To: jwk who wrote (23)1/5/2000 5:45:00 PM
From: pater tenebrarum  Read Replies (1) | Respond to of 621
 
LOL! you know what was reported on CNBC Europe today? i'm not kidding, they said: "the ECB has problems mopping up the liquidity provided for y2k as dealers don't want to give the money back"
btw, i agree that in the long term the road to universal well-being is more or less assured. but the current boom rests to a large degree on the Fed's easy monetary stance over the last few years (note that every crisis in the financial system was papered over by printing more money and allowing the speculative bubble to grow further and thereby not allowing the built up excesses in the system to be wrung out). it is erroneous to assume that their stance was warranted by low CPI inflation. that's exactly the mistake made by the Fed in the 1920's, as Alan Greenspan himself attests to in this essay he wrote in the late sixties:

gold-eagle.com

now of course, he has been seduced by the lure of the new era...people easily forget that there is no free lunch.
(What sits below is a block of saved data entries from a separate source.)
Lemma exists_ge1_of_prod_ge1 (R : numDomainType) (I : finType) (i0 : I) (F : I -> R) :
  (forall i, 0 <= F i) -> 1 <= \prod_i F i -> exists i, 1 <= F i.
Proof.
move=> F_ge0 prod_ge1.
have [i _ Fmax] := @real_arg_maxP R I i0 predT F isT (fun i _ => ger0_real (F_ge0 i)).
exists i; rewrite real_leNgt ?ger0_real ?F_ge0 //; apply/negP => Fi_lt1.
have : \prod_j F j < \prod_(j : I) 1.
  apply: ltr_prod; first by apply/hasP; exists i0; rewrite ?mem_index_enum.
  by move=> j _; rewrite F_ge0 (le_lt_trans (Fmax j isT)).
by rewrite big1_eq => /(le_lt_trans prod_ge1); rewrite ltxx.
Qed.

Lemma rootC_nneg (C : numClosedFieldType) n (x : C) : 0 <= x -> 0 <= n.-root x.
Proof. by have [-> | n_gt0] := posnP n; rewrite ?root0C // rootC_ge0. Qed.

Lemma exprVn_le_mul (R : numFieldType) (a b c : R) k :
  0 < a -> 0 < b -> a <= c * b -> b ^- k <= c ^+ k * a ^- k.
Proof.
move=> a_gt0 b_gt0 a_le; rewrite ler_pdivlMr ?exprn_gt0 // mulrC ler_pdivrMr ?exprn_gt0 //.
by rewrite -exprMn lerXn2r // nnegrE ltW // (lt_le_trans a_gt0).
Qed.

Lemma rmorph_ratZ (M : fieldExtType rat) (L : unitRingType) (s : {rmorphism M -> L}) q v :
  s (q *: v) = ratr q * s v.
Proof. by rewrite -mulr_algl alg_num_field rmorphM /= fmorph_rat. Qed.

Lemma int_free_basis (V : vectType rat) m (w : 'I_m -> V) :
  \dim {:V} = m ->
  (forall c : 'I_m -> int, \sum_(i < m) w i *~ c i = 0 -> forall i, c i = 0) ->
  basis_of fullv [tuple w i | i < m].
Proof.
move=> dimV w_free; rewrite basisEfree subvf size_tuple dimV leqnn !andbT.
apply/freeP => k sum_k0 i.
pose D := \prod_(j < m) denq (k j).
pose c j := numq (k j) * \prod_(l < m | l != j) denq (k l).
have cE j : (c j)%:~R = k j * D%:~R :> rat by rewrite /D (bigD1 j) //= !intrM numqE mulrA.
have D_neq0 : D != 0 by apply/prodf_neq0 => j _; exact: denq_neq0.
have : \sum_(j < m) w j *~ c j = (D%:~R : rat) *: \sum_(j < m) k j *: [tuple w i | i < m]`_j.
  rewrite scaler_sumr; apply: eq_bigr => j _.
  by rewrite nth_mktuple -scaler_int cE scalerA mulrC.
rewrite sum_k0 scaler0 => /w_free/(_ i)/eqP.
by rewrite -(intr_eq0 rat) cE mulf_eq0 intr_eq0 (negbTE D_neq0) orbF => /eqP.
Qed.

Lemma rmorph_independent (F L : fieldType) k (s : 'I_k -> {rmorphism F -> L}) :
  (forall j l, j != l -> exists x, s j x != s l x) ->
  forall c : 'I_k -> L, (forall x, \sum_(j < k) c j * s j x = 0) -> forall j, c j = 0.
Proof.
elim: k s => [|k IHk] s s_neq c sum_c0; first by case.
pose s' j := s (widen_ord (leqnSn k) j); pose c' j := c (widen_ord (leqnSn k) j).
have sum_c'E x : \sum_(j < k) c' j * s' j x = - (c ord_max * s ord_max x).
  by apply/eqP; rewrite -addr_eq0; have := sum_c0 x; rewrite big_ord_recr /= => ->.
(* Subtracting s_max y times the relation from the relation at y * x gives a shorter one. *)
have sum_shift0 y x : \sum_(j < k) (c' j * (s' j y - s ord_max y)) * s' j x = 0.
  transitivity (\sum_(j < k) c' j * s' j (y * x) - s ord_max y * \sum_(j < k) c' j * s' j x).
    by rewrite mulr_sumr -sumrB; apply: eq_bigr => j _; rewrite rmorphM /=; ring.
  by rewrite !sum_c'E rmorphM /=; ring.
have s'_neq j l : j != l -> exists x, s' j x != s' l x.
  by move=> jl; apply: s_neq; apply: contra jl => /eqP/(congr1 val) /= /val_inj ->.
have c'0 j : c' j = 0.
  have [|y sy] := s_neq (widen_ord (leqnSn k) j) ord_max.
    by rewrite -val_eqE /= neq_ltn ltn_ord.
  have /eqP := IHk s' s'_neq _ (sum_shift0 y) j.
  by rewrite mulf_eq0 subr_eq0 (negbTE sy) orbF => /eqP.
have cmax0 : c ord_max = 0.
  move: (sum_c'E 1); rewrite big1 => [|j _]; last by rewrite c'0 mul0r.
  by rewrite rmorph1 mulr1 => /eqP; rewrite eq_sym oppr_eq0 => /eqP.
move=> j; case: (unliftP ord_max j) => [j' ->|-> //].
by rewrite -(c'0 j'); congr c; apply: val_inj; exact: lift_max.
Qed.

Lemma algint_rmorph_pull (F : fieldType) (R : idomainType) (s : {rmorphism F -> R}) z :
  algint (s z) -> algint z.
Proof.
case=> p p_monic p_root; exists p => //.
by rewrite -(fmorph_root s) -map_poly_comp (eq_map_poly (rmorph_int s)).
Qed.

Lemma pchar0_irreducible_separable (F : fieldType) (p : {poly F}) :
  [pchar F] =i pred0 -> irreducible_poly p -> separable_poly p.
Proof.
move=> F_char0 [p_gt1 p_irr].
have p_neq0 : p != 0 by rewrite -size_poly_gt0 ltnW.
have dp_neq0 : p^`() != 0.
  move: p_gt1; case sz_p : (size p) => [|[|k]] // _.
  apply/eqP => /(congr1 (fun q : {poly F} => q`_k)); rewrite coef_deriv coef0 => /eqP.
  rewrite -mulr_natr mulf_eq0 (pcharf0P F).1 // orbF.
  have -> : k.+1 = (size p).-1 by rewrite sz_p.
  by rewrite -lead_coefE lead_coef_eq0 (negbTE p_neq0).
rewrite unlock coprimep_def; apply/negPn/negP => gcd_neq1.
have gcd_eqp := p_irr _ gcd_neq1 (dvdp_gcdl p p^`()).
have : p %| p^`() by rewrite -(eqp_dvdl _ gcd_eqp) dvdp_gcdr.
by move/(dvdp_leq dp_neq0); rewrite leqNgt lt_size_deriv.
Qed.

Lemma separable_roots_inj (F : fieldType) (R : idomainType) (s : {rmorphism F -> R})
    n (p : {poly F}) (a : 'I_n -> R) :
  separable_poly p -> map_poly s p = \prod_(k < n) ('X - (a k)%:P) -> injective a.
Proof.
move=> p_sep sp_E; move: p_sep; rewrite -(separable_map s) sp_E.
rewrite -(big_map a predT (fun x => 'X - x%:P)) separable_prod_XsubC => a_uniq.
apply/injectiveP; rewrite /injectiveb /dinjectiveb enumT.
by move: a_uniq; rewrite [index_enum _]unlock.
Qed.

Section Sizes.
Variables (M : fieldExtType rat) (m n : nat).
Variables (sigma : 'I_m -> {rmorphism M -> algC}) (alpha : 'I_m -> 'I_n -> algC).

Lemma house_ge0 (x : M) : 0 <= house sigma x.
Proof. exact: bigmax_nneg_ge0. Qed.

Lemma le_house (x : M) j : `|sigma j x| <= house sigma x.
Proof. exact: (@le_bigmax_nneg _ _ predT (fun j => `|sigma j x|)). Qed.

Lemma house_attained (x : M) : (0 < m)%N -> exists h, house sigma x = `|sigma h x|.
Proof.
move=> m_gt0; have [h _ hmax] := @real_arg_maxP _ _ (Ordinal m_gt0) predT
  (fun j => `|sigma j x|) isT (fun j _ => normr_real _).
by exists h; apply/eqP; rewrite eq_le le_house bigmax_le // => j _; exact: hmax.
Qed.

Lemma house_alpha_ge0 : 0 <= house_alpha alpha.
Proof. by apply: bigmax_nneg_ge0 => j _; exact: bigmax_nneg_ge0. Qed.

Lemma le_house_alpha j k : `|alpha j k| <= house_alpha alpha.
Proof.
apply: le_trans (@le_bigmax_nneg _ _ predT (fun k => `|alpha j k|) _ k isT) _ => //.
apply: (@le_bigmax_nneg _ _ predT (fun j => \big[Num.max/0]_(k < n) `|alpha j k|)) => // l _.
exact: bigmax_nneg_ge0.
Qed.

Lemma c3_ge0 (mu : M) : 0 <= c3 sigma alpha mu.
Proof. by rewrite divr_ge0 ?rootC_nneg ?house_ge0 ?house_alpha_ge0. Qed.

Lemma c3_le_c4 (mu : M) : c3 sigma alpha mu <= c4 sigma alpha mu.
Proof.
have c1_ge0 : 0 <= c1 sigma alpha mu.
  apply: bigmax_nneg_ge0 => h _; apply: bigmax_nneg_ge0 => j _.
  by apply: bigmax_nneg_ge0 => i _; rewrite !divr_ge0 ?rootC_nneg.
by rewrite comparable_le_max ?lexx ?orbT // real_comparable ?ger0_real ?c3_ge0.
Qed.

Lemma c2_ge0 (w : 'I_m -> M) : 0 <= c2 sigma w.
Proof. by apply: bigmax_nneg_ge0 => j _; exact: sumr_ge0. Qed.

Lemma c_hi_ge0 (mu : M) h i : 0 <= c_hi sigma alpha mu h i.
Proof. by rewrite divr_ge0 // prodr_ge0 // => j _; rewrite divr_ge0. Qed.

End Sizes.

Lemma int_coord_bound (M : fieldExtType rat) m (sigma : 'I_m -> {rmorphism M -> algC})
    (w : 'I_m -> M) (Z : M) (z : 'I_m -> int) (b : algC) :
  Smat sigma w \in unitmx -> Z = \sum_(i < m) w i *~ z i -> 0 <= b ->
  (forall j, `|sigma j Z| <= b) -> forall k, `|(z k)%:~R : algC| <= c2 sigma w * b.
Proof.
move=> S_unit ZE b_ge0 Zb k; set S := Smat sigma w.
have SzE : \col_j sigma j Z = S *m \col_i (z i)%:~R.
  apply/matrixP => j l; rewrite !mxE ZE rmorph_sum; apply: eq_bigr => i _.
  by rewrite !mxE rmorphMz mulrzr.
have -> : (z k)%:~R = (invmx S *m \col_j sigma j Z) k 0 by rewrite SzE mulKmx // mxE.
rewrite mxE; apply: le_trans (ler_norm_sum _ _ _) _.
apply: (@le_trans _ _ (\sum_j `|invmx S k j| * b)).
  by apply: ler_sum => j _; rewrite mxE normrM ler_wpM2l.
rewrite -mulr_suml ler_wpM2r //.
apply: (@le_bigmax_nneg _ _ predT (fun j => \sum_i `|invmx S j i|)) => // j _.
exact: sumr_ge0.
Qed.

Section Embeddings.
Variables (M : fieldExtType rat) (m : nat).
Variables (sigma : 'I_m -> {rmorphism M -> algC}) (w : 'I_m -> M).
Hypothesis dimM : \dim {:M} = m.
Hypothesis sigma_neq : forall j k : 'I_m, j != k -> exists x : M, sigma j x != sigma k x.
Hypothesis w_free :
  forall c : 'I_m -> int, \sum_(i < m) w i *~ c i = 0 -> forall i, c i = 0.

Lemma dim_gt0 : (0 < m)%N.
Proof. by rewrite -dimM adim_gt0. Qed.

Lemma Smat_unit : Smat sigma w \in unitmx.
Proof.
rewrite unitmxE unitfE; apply/negP => /det0P [v v_neq0 /matrixP vS].
have vw i : \sum_(j < m) v 0 j * sigma j (w i) = 0.
  by have := vS 0 i; rewrite !mxE; under eq_bigr do rewrite mxE.
have vx x : \sum_(j < m) v 0 j * sigma j x = 0.
  rewrite (coord_basis (int_free_basis dimM w_free) (memvf x)).
  under eq_bigr do rewrite rmorph_sum /= mulr_sumr.
  rewrite exchange_big big1 // => i _.
  under eq_bigr do rewrite nth_mktuple rmorph_ratZ mulrCA.
  by rewrite -mulr_sumr vw mulr0.
move/eqP: v_neq0; apply; apply/matrixP => i j.
by rewrite ord1 mxE (rmorph_independent sigma_neq vx).
Qed.

Hypothesis w_int : forall i, algint (w i).
Hypothesis w_span :
  forall x : M, algint x -> exists c : 'I_m -> int, x = \sum_(i < m) w i *~ c i.

(* The product of the conjugates of z is the determinant of the integer matrix
   of multiplication by z in the integral basis. *)
Lemma prod_conj_int (z : M) : algint z -> exists k : int, \prod_(j < m) sigma j z = k%:~R.
Proof.
move=> z_int.
have /fin_all_exists [B BE] :
    forall i, exists c : 'I_m -> int, z * w i = \sum_(k < m) w k *~ c k.
  by move=> i; apply: w_span; exact: integral_mul z_int (w_int i).
pose Bm : 'M[int]_m := \matrix_(i, k) B i k.
have SB : diag_mx (\row_j sigma j z) *m Smat sigma w = Smat sigma w *m (map_mx intr Bm)^T.
  apply/matrixP => j i; rewrite mul_diag_mx !mxE -rmorphM BE rmorph_sum.
  by apply: eq_bigr => k _; rewrite !mxE rmorphMz mulrzr.
exists (\det Bm); move/(congr1 determinant): SB.
rewrite !det_mulmx det_diag det_tr det_map_mx [RHS]mulrC => /mulIf.
have detS_neq0 : \det (Smat sigma w) != 0 by rewrite -unitfE -unitmxE Smat_unit.
by move=> /(_ detS_neq0) <-; apply: eq_bigr => j _; rewrite mxE.
Qed.

Lemma exists_conj_ge1 (z : M) : algint z -> z != 0 -> exists h, 1 <= `|sigma h z|.
Proof.
move=> z_int z_neq0; have [k kE] := prod_conj_int z_int.
have k_neq0 : k != 0.
  by rewrite -(intr_eq0 algC) -kE; apply/prodf_neq0 => j _; rewrite fmorph_eq0.
apply: (exists_ge1_of_prod_ge1 (Ordinal dim_gt0) (F := fun h => `|sigma h z|)) => //.
by rewrite -normr_prod kE -intr_norm ler1z -gtz0_ge1 normr_gt0.
Qed.

Lemma house_alpha_ge1 n (f : {poly M}) (alpha : 'I_m -> 'I_n -> algC) :
  irreducible_poly f -> size f = n.+1 -> (1 < n)%N ->
  (forall j, map_poly (sigma j) f = \prod_(k < n) ('X - (alpha j k)%:P)) ->
  (forall j k, algint (alpha j k)) -> 1 <= house_alpha alpha.
Proof.
move=> f_irr f_sz n_gt1 alphaE alpha_int.
have conj_f0 j : sigma j f`_0 = \prod_(k < n) - alpha j k.
  rewrite -coef_map alphaE -horner_coef0 horner_prod.
  by apply: eq_bigr => k _; rewrite hornerXsubC sub0r.
have f0_int : algint f`_0.
  apply: (@algint_rmorph_pull M _ (sigma (Ordinal dim_gt0))); rewrite conj_f0.
  elim/big_rec: _ => [|k x _ x_int]; first exact: integral1.
  exact: integral_mul (integral_opp (alpha_int _ k)) x_int.
have f0_neq0 : f`_0 != 0.
  apply: contraTneq n_gt1 => f00.
  have : 'X - 0%:P %| f by rewrite dvdp_XsubCl /root horner_coef0 f00.
  move=> /f_irr.2; rewrite size_XsubC => /(_ isT)/eqp_size.
  by rewrite size_XsubC f_sz => -[<-].
have [h h_ge1] := exists_conj_ge1 f0_int f0_neq0.
have [k k_ge1] : exists k, 1 <= `|alpha h k|.
  apply: (exists_ge1_of_prod_ge1 (Ordinal (ltnW n_gt1)) (F := fun k => `|alpha h k|)) => //.
  by move: h_ge1; rewrite conj_f0 normr_prod; under eq_bigr do rewrite normrN.
exact: le_trans k_ge1 (le_house_alpha _ h k).
Qed.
Utopia is still a ways off.

regards,

hb



To: jwk who wrote (23)1/6/2000 12:24:00 AM
From: JF Quinnelly  Read Replies (1) | Respond to of 621
 
Personally, I favor the disinflation, rising productivity, tech advances road to universal well being,

But you had all three of these in the 1920s. It appears as if the productivity-induced deflation of the '20s fooled the Fed into permitting too much credit growth-- had they not attempted to maintain a constant price level, prices generally would have dropped due to the increased productivity. But the absence of inflation in the price level allowed the Fed to keep the taps open far longer than was wise, fueling an asset bubble at the end of the decade.